[WHAT NEEDS TO BE DONE] Beginning with the first line of the entries below, quote each line until you reach and include the line with "rewrite !(door_obs_below_part _".

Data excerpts
● ● ● ● ●

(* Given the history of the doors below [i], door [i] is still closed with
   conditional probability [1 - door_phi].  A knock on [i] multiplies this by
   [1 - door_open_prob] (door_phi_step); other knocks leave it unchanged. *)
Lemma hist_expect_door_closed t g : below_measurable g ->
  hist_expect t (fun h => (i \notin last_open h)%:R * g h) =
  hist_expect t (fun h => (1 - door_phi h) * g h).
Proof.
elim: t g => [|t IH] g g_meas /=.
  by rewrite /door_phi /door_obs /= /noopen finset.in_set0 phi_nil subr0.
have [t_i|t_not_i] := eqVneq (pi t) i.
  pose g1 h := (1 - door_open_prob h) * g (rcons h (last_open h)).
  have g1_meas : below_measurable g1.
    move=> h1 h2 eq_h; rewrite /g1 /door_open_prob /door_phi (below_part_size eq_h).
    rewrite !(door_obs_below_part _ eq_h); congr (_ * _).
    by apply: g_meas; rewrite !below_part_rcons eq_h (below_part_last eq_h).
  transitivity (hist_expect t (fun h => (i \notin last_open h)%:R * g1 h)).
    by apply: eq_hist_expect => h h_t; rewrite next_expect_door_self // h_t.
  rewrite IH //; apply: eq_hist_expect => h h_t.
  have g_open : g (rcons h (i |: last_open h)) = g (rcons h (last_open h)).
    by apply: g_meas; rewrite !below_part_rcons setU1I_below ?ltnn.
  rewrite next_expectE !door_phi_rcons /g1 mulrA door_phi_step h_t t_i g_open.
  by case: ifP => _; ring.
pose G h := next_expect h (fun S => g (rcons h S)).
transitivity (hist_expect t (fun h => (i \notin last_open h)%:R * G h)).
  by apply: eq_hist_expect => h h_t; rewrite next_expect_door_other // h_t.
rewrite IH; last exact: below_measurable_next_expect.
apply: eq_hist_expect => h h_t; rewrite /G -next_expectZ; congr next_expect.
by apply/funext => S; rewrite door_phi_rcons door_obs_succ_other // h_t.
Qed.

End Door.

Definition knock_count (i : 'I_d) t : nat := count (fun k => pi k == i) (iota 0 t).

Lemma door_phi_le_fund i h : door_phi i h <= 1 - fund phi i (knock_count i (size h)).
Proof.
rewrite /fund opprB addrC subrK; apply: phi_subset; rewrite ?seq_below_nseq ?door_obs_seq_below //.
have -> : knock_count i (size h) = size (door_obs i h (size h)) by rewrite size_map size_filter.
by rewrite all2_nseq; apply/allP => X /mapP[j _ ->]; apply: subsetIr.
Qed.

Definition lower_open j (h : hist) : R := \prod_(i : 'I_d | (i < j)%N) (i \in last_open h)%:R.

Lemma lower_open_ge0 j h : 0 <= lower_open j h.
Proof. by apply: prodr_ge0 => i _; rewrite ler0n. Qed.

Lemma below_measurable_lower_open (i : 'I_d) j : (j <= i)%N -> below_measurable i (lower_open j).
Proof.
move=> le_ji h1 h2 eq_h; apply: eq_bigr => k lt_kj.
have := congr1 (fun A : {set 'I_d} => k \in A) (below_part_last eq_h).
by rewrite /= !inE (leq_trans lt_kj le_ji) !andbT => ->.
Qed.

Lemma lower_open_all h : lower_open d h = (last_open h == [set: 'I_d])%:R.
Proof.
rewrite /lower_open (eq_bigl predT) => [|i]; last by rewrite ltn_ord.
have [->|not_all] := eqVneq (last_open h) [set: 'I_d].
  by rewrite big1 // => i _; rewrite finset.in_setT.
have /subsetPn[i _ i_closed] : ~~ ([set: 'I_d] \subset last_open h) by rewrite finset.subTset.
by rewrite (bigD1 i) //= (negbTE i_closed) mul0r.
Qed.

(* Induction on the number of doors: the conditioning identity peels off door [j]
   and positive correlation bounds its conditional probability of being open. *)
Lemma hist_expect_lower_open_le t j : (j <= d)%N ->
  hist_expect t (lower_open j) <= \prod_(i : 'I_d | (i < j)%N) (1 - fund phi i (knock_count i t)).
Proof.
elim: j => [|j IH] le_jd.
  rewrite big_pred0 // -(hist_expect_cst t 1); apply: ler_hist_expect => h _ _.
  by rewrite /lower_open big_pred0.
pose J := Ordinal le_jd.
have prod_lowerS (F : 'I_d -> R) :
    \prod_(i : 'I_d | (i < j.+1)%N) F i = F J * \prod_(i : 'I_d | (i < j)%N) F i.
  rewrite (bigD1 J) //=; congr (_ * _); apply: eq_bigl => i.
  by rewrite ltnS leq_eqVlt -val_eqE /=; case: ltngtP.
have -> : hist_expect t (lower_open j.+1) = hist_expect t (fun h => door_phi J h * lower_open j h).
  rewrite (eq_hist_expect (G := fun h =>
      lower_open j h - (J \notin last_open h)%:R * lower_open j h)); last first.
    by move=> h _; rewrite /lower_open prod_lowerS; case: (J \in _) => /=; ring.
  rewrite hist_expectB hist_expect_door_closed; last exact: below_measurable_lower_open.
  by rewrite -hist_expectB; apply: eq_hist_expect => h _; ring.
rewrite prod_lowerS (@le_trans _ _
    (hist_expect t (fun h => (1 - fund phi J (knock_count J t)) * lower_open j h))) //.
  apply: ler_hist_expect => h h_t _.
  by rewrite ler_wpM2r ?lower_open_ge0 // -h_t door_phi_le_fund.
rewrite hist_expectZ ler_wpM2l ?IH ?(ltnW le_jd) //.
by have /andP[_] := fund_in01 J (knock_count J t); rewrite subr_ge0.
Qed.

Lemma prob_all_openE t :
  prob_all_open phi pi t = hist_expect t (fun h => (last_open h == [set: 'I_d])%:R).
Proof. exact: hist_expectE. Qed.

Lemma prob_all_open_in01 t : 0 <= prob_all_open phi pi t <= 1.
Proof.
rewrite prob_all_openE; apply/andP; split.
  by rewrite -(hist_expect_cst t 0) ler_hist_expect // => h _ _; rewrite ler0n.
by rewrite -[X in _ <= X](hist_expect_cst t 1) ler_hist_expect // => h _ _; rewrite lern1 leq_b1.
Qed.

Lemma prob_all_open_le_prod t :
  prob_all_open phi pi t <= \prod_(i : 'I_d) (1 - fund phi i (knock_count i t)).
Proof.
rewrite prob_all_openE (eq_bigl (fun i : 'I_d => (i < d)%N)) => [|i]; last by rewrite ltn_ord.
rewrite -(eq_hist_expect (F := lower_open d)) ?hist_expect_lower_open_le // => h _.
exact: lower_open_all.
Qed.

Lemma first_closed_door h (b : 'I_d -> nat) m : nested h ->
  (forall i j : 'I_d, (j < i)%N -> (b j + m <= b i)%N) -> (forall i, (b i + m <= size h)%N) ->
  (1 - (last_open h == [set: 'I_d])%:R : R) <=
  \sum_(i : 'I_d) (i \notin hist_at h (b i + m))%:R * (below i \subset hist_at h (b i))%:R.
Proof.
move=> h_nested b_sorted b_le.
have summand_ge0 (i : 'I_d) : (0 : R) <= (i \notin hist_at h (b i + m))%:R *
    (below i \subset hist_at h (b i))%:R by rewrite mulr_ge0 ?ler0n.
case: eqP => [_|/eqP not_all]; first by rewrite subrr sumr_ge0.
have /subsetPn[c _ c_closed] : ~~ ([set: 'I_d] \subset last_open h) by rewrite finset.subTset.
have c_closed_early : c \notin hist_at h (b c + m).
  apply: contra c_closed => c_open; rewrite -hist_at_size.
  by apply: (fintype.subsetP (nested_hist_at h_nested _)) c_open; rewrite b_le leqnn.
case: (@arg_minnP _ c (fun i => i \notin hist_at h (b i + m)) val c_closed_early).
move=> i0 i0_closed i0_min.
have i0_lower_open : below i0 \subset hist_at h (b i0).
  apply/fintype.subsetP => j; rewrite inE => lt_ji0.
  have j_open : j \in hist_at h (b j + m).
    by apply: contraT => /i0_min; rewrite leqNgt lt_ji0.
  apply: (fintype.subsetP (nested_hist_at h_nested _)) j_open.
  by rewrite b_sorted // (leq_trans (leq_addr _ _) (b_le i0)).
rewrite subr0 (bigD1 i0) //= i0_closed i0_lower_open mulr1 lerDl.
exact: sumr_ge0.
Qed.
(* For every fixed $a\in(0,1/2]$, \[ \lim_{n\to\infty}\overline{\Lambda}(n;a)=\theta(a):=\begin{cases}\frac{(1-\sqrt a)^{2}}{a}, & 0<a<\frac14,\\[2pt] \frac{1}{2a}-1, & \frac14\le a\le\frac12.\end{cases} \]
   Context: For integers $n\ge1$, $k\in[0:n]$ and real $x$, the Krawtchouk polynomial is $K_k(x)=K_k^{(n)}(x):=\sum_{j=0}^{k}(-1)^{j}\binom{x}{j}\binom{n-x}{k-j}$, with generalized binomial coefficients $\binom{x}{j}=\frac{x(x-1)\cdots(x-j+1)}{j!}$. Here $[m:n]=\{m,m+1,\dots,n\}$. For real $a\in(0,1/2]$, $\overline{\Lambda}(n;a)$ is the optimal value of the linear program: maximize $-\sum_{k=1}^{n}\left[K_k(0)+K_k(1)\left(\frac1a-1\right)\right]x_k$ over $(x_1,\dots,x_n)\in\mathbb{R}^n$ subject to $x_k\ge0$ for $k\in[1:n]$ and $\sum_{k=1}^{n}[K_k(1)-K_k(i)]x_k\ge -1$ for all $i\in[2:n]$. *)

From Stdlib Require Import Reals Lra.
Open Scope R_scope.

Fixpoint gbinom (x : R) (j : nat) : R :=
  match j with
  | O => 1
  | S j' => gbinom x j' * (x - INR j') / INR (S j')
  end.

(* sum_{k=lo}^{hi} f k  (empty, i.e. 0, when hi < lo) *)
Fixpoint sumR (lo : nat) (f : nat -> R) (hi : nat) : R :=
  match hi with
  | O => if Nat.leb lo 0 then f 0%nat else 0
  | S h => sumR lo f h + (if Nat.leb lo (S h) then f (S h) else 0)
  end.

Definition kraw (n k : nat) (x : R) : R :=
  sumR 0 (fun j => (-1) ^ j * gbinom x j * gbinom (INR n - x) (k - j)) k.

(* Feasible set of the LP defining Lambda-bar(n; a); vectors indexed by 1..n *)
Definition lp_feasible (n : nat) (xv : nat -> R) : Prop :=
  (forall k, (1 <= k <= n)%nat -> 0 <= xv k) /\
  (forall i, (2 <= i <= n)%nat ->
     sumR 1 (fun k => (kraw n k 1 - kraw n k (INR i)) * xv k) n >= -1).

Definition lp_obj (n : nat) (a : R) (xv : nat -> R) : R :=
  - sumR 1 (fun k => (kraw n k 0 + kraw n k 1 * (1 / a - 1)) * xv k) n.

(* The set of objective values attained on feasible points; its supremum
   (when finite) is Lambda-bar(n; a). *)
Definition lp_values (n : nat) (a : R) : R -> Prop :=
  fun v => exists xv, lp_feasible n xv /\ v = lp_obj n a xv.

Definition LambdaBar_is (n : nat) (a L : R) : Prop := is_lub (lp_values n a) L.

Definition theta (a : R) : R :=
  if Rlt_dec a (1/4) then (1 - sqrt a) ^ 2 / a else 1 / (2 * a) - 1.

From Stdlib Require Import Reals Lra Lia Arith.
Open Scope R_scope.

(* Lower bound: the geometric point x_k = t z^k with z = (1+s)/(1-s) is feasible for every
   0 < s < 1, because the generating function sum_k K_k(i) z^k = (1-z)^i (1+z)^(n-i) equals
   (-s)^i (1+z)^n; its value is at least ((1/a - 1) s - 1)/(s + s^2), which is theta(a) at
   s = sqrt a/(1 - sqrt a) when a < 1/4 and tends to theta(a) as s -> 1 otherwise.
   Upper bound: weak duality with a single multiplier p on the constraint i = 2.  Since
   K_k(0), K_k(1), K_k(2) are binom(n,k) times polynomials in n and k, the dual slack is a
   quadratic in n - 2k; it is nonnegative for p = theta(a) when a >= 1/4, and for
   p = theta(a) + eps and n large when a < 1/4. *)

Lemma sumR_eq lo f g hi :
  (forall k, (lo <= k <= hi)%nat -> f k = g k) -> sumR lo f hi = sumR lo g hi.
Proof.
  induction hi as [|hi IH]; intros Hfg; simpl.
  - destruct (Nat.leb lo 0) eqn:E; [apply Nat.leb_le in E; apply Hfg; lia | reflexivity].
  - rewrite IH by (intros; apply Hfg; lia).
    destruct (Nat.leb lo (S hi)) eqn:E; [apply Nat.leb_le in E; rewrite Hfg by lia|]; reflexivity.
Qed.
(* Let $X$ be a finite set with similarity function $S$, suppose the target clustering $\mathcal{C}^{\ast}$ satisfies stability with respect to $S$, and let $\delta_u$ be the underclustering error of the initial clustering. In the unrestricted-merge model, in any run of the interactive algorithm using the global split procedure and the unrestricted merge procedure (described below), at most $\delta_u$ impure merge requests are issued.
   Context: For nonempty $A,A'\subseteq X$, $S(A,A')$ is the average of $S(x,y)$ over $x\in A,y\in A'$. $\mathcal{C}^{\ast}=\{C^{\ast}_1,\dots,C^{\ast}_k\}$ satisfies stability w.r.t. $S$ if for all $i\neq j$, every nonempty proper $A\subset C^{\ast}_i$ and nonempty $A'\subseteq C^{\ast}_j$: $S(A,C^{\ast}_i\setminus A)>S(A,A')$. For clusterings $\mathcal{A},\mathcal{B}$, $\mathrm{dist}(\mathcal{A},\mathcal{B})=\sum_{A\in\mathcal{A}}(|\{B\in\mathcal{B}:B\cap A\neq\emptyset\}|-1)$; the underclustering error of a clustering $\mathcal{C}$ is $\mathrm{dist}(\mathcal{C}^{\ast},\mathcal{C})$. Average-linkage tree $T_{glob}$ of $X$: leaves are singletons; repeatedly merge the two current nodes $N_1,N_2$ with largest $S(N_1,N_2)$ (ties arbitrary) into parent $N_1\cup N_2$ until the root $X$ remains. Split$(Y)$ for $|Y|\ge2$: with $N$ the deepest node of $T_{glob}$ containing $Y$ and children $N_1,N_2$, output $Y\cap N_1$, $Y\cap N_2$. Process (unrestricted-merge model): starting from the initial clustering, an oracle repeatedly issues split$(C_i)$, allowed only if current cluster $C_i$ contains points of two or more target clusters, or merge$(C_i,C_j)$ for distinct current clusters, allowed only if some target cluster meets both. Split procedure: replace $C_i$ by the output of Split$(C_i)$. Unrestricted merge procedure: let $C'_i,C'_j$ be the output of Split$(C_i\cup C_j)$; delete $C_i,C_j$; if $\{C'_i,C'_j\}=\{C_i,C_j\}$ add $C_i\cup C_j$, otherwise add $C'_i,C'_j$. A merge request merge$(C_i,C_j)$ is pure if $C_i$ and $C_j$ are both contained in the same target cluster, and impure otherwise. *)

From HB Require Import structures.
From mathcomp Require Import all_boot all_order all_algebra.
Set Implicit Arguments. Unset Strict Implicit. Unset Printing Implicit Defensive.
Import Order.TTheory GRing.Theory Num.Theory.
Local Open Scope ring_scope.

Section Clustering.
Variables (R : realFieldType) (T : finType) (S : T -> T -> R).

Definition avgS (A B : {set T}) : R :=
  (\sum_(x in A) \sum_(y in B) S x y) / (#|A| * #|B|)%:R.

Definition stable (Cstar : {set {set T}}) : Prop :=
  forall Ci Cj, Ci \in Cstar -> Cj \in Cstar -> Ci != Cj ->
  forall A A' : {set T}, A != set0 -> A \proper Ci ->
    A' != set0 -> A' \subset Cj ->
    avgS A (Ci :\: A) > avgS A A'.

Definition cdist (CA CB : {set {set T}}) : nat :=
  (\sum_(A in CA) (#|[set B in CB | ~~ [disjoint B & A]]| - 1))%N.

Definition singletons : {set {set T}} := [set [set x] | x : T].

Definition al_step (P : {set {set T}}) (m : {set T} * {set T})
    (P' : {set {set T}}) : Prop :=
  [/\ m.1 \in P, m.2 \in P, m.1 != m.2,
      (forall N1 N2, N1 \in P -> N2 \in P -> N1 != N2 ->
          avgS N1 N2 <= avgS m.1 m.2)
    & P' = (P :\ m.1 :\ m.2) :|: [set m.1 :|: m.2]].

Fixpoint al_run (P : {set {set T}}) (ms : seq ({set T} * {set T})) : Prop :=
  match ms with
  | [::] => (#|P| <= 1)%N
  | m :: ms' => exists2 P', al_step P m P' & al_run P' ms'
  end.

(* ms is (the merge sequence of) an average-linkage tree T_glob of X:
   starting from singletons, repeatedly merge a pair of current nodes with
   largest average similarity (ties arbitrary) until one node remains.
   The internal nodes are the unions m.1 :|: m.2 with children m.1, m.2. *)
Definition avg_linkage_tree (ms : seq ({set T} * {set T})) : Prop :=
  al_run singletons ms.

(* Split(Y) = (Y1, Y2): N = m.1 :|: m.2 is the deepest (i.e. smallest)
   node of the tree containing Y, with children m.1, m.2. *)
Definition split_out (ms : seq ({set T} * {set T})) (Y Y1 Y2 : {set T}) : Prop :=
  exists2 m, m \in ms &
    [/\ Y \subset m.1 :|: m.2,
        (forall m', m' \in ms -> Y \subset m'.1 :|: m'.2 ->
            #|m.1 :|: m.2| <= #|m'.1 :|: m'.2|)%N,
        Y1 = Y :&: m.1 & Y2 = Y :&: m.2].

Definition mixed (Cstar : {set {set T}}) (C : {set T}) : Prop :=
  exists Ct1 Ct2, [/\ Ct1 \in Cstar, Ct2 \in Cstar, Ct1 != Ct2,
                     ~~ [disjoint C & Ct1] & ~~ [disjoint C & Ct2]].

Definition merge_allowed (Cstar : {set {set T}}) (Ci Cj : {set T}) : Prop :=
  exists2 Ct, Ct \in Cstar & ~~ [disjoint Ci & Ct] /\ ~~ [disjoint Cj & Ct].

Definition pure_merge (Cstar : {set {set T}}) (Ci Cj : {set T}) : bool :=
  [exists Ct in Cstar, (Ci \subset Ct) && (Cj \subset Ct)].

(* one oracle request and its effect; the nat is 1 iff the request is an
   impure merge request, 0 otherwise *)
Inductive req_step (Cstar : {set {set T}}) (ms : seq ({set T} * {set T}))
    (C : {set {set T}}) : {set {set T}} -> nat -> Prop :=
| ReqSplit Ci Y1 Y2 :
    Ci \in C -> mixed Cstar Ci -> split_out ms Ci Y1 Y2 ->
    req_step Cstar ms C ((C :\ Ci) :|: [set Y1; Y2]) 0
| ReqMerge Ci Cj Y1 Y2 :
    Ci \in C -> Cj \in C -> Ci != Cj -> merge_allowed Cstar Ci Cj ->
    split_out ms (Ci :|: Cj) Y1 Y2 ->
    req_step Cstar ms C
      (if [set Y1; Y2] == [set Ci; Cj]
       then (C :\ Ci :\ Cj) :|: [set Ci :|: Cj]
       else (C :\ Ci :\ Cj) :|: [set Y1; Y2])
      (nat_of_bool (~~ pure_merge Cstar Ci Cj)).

● ● ● ● ●

[SOLUTION]
(* Given the history of the doors below [i], door [i] is still closed with
   conditional probability [1 - door_phi].  A knock on [i] multiplies this by
   [1 - door_open_prob] (door_phi_step); other knocks leave it unchanged. *)
Lemma hist_expect_door_closed t g : below_measurable g ->
  hist_expect t (fun h => (i \notin last_open h)%:R * g h) =
  hist_expect t (fun h => (1 - door_phi h) * g h).
Proof.
elim: t g => [|t IH] g g_meas /=.
  by rewrite /door_phi /door_obs /= /noopen finset.in_set0 phi_nil subr0.
have [t_i|t_not_i] := eqVneq (pi t) i.
  pose g1 h := (1 - door_open_prob h) * g (rcons h (last_open h)).
  have g1_meas : below_measurable g1.
    move=> h1 h2 eq_h; rewrite /g1 /door_open_prob /door_phi (below_part_size eq_h).
    rewrite !(door_obs_below_part _ eq_h); congr (_ * _).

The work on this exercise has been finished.